(* Let $(N(t))_{t\ge 0}$ be the continuous-time Markov chain on $\{1,2,3,\dots\}$ in which state $1$ is absorbing, from state $2$ the chain jumps to $1$ at rate $2$ and to $3$ at rate $2$, and from each state $n\ge 3$ it jumps to $n+1$ at rate $n$ and to $n-1$ at rate $n$. Start at $N(0)=2$, let $H_1$ be the hitting time of state $1$, and let $F(t)=\mathrm{P}(H_1\le t)$ (which is the solution of the renewal equation $F(t) = \frac{2t}{(1+t)^{3}} + \int_{0}^{t}\frac{2}{(1+(t-y))^{3}}F(y)\, \mathrm{d} y$), with density $F'$. Then, as $h\to\infty$, \[ \int_0^{h}tF'(t)\,\mathrm{d} t \sim \log(h) \qquad\text{and}\qquad \int_0^{h}t^2F'(t)\,\mathrm{d} t \sim h . \]
   Context: Here $a(h)\sim b(h)$ means $a(h)/b(h)\to 1$ as $h\to\infty$. The chain describes the number of coexisting viral types in a birth–death model with equal birth and death rates (each equal to the current number of types), where a single type cannot die; $H_1$ is the return time from two types to one type. *)

From Stdlib Require Import Reals.
From Coquelicot Require Import Coquelicot.
Open Scope R_scope.

Definition renewal_g (t : R) : R := 2 * t / (1 + t) ^ 3.

Definition renewal_k (s : R) : R := 2 / (1 + s) ^ 3.

Definition solves_renewal (F : R -> R) : Prop :=
  (forall t, 0 <= t -> filterlim F (at_right t) (locally (F t))) /\
  (forall t, 0 < t -> continuous F t) /\
  (forall t, 0 <= t ->
     F t = renewal_g t + RInt (fun y => renewal_k (t - y) * F y) 0 t).

From Stdlib Require Import Reals Lra.
From Coquelicot Require Import Coquelicot.
Open Scope R_scope.
Lemma acoef_ge0 alpha k : 0 <= alpha <= 1 -> 0 <= acoef alpha k.
Proof.
  intros Ha. assert (HG : 0 < / Gamma (2 - alpha)) by (apply Rinv_0_lt_compat, Gamma_gt0; lra).
  destruct k as [| k]; unfold acoef; [lra |].
  apply Rmult_le_pos; [lra |].
  assert (0 < INR (S k)) by (apply lt_0_INR; lia).
  assert (Rpower (INR (S k)) (1 - alpha) <= Rpower (INR (S k) + 1) (1 - alpha))
    by (apply Rle_Rpower_l; lra).
  lra.
Qed.

Lemma acoef_succ_le alpha k : 0 <= alpha <= 1 -> acoef alpha (S k) <= acoef alpha k.
Proof.
  intros Ha. assert (HG : 0 < / Gamma (2 - alpha)) by (apply Rinv_0_lt_compat, Gamma_gt0; lra).
  unfold acoef. destruct k as [| k].
  - rewrite <- (Rmult_1_r (/ Gamma (2 - alpha))) at 2.
    apply Rmult_le_compat_l; [lra |].
    replace (INR 1 + 1) with 2 by (simpl; ring). change (INR 1) with 1.
    rewrite Rpower_1_l.
    assert (Hle : Rpower 2 (1 - alpha) <= Rpower 2 1) by (apply Rle_Rpower; lra).
    rewrite Rpower_1 in Hle by lra. lra.
  - apply Rmult_le_compat_l; [lra |].
    rewrite (S_INR (S k)).
    replace (INR (S k) + 1 + 1) with (INR (S k) + 2) by ring.
    apply Rpower_increment_succ_le; [apply lt_0_INR; lia | lra].
Qed.

Lemma sum_acoef_pred alpha m : (1 <= m)%nat ->
  sum_n_m (fun n => acoef alpha (n - 1)) 1 m = / Gamma (2 - alpha) * Rpower (INR m) (1 - alpha).
Proof.
  intros Hm. induction m as [| m IH]; [lia |].
  destruct m as [| m].
  - rewrite sum_n_n. simpl. rewrite Rpower_1_l. ring.
  - rewrite sum_n_Sm, IH by lia.
    replace (S (S m) - 1)%nat with (S m) by lia.
    change (/ Gamma (2 - alpha) * Rpower (INR (S m)) (1 - alpha)
      + / Gamma (2 - alpha) * (Rpower (INR (S m) + 1) (1 - alpha) - Rpower (INR (S m)) (1 - alpha))
      = / Gamma (2 - alpha) * Rpower (INR (S (S m))) (1 - alpha)).
    rewrite (S_INR (S m)). ring.
Qed.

### ASSIGNED TASK
In full and without alteration, retype the entries above.

### ANSWER
(* Let $(N(t))_{t\ge 0}$ be the continuous-time Markov chain on $\{1,2,3,\dots\}$ in which state $1$ is absorbing, from state $2$ the chain jumps to $1$ at rate $2$ and to $3$ at rate $2$, and from each state $n\ge 3$ it jumps to $n+1$ at rate $n$ and to $n-1$ at rate $n$. Start at $N(0)=2$, let $H_1$ be the hitting time of state $1$, and let $F(t)=\mathrm{P}(H_1\le t)$ (which is the solution of the renewal equation $F(t) = \frac{2t}{(1+t)^{3}} + \int_{0}^{t}\frac{2}{(1+(t-y))^{3}}F(y)\, \mathrm{d} y$), with density $F'$. Then, as $h\to\infty$, \[ \int_0^{h}tF'(t)\,\mathrm{d} t \sim \log(h) \qquad\text{and}\qquad \int_0^{h}t^2F'(t)\,\mathrm{d} t \sim h . \]
   Context: Here $a(h)\sim b(h)$ means $a(h)/b(h)\to 1$ as $h\to\infty$. The chain describes the number of coexisting viral types in a birth–death model with equal birth and death rates (each equal to the current number of types), where a single type cannot die; $H_1$ is the return time from two types to one type. *)

From Stdlib Require Import Reals.
From Coquelicot Require Import Coquelicot.
Open Scope R_scope.

Definition renewal_g (t : R) : R := 2 * t / (1 + t) ^ 3.

Definition renewal_k (s : R) : R := 2 / (1 + s) ^ 3.

Definition solves_renewal (F : R -> R) : Prop :=
  (forall t, 0 <= t -> filterlim F (at_right t) (locally (F t))) /\
  (forall t, 0 < t -> continuous F t) /\
  (forall t, 0 <= t ->
     F t = renewal_g t + RInt (fun y => renewal_k (t - y) * F y) 0 t).

From Stdlib Require Import Reals Lra.
From Coquelicot Require Import Coquelicot.
Open Scope R_scope.
Lemma acoef_ge0 alpha k : 0 <= alpha <= 1 -> 0 <= acoef alpha k.
Proof.
  intros Ha. assert (HG : 0 < / Gamma (2 - alpha)) by (apply Rinv_0_lt_compat, Gamma_gt0; lra).
  destruct k as [| k]; unfold acoef; [lra |].
  apply Rmult_le_pos; [lra |].
  assert (0 < INR (S k)) by (apply lt_0_INR; lia).
  assert (Rpower (INR (S k)) (1 - alpha) <= Rpower (INR (S k) + 1) (1 - alpha))
    by (apply Rle_Rpower_l; lra).
  lra.
Qed.

Lemma acoef_succ_le alpha k : 0 <= alpha <= 1 -> acoef alpha (S k) <= acoef alpha k.
Proof.
  intros Ha. assert (HG : 0 < / Gamma (2 - alpha)) by (apply Rinv_0_lt_compat, Gamma_gt0; lra).
  unfold acoef. destruct k as [| k].
  - rewrite <- (Rmult_1_r (/ Gamma (2 - alpha))) at 2.
    apply Rmult_le_compat_l; [lra |].
    replace (INR 1 + 1) with 2 by (simpl; ring). change (INR 1) with 1.
    rewrite Rpower_1_l.
    assert (Hle : Rpower 2 (1 - alpha) <= Rpower 2 1) by (apply Rle_Rpower; lra).
    rewrite Rpower_1 in Hle by lra. lra.
  - apply Rmult_le_compat_l; [lra |].
    rewrite (S_INR (S k)).
    replace (INR (S k) + 1 + 1) with (INR (S k) + 2) by ring.
    apply Rpower_increment_succ_le; [apply lt_0_INR; lia | lra].
Qed.

Lemma sum_acoef_pred alpha m : (1 <= m)%nat ->
  sum_n_m (fun n => acoef alpha (n - 1)) 1 m = / Gamma (2 - alpha) * Rpower (INR m) (1 - alpha).
Proof.
  intros Hm. induction m as [| m IH]; [lia |].
  destruct m as [| m].
  - rewrite sum_n_n. simpl. rewrite Rpower_1_l. ring.
  - rewrite sum_n_Sm, IH by lia.
    replace (S (S m) - 1)%nat with (S m) by lia.
    change (/ Gamma (2 - alpha) * Rpower (INR (S m)) (1 - alpha)
      + / Gamma (2 - alpha) * (Rpower (INR (S m) + 1) (1 - alpha) - Rpower (INR (S m)) (1 - alpha))
      = / Gamma (2 - alpha) * Rpower (INR (S (S m))) (1 - alpha)).
    rewrite (S_INR (S m)). ring.
Qed.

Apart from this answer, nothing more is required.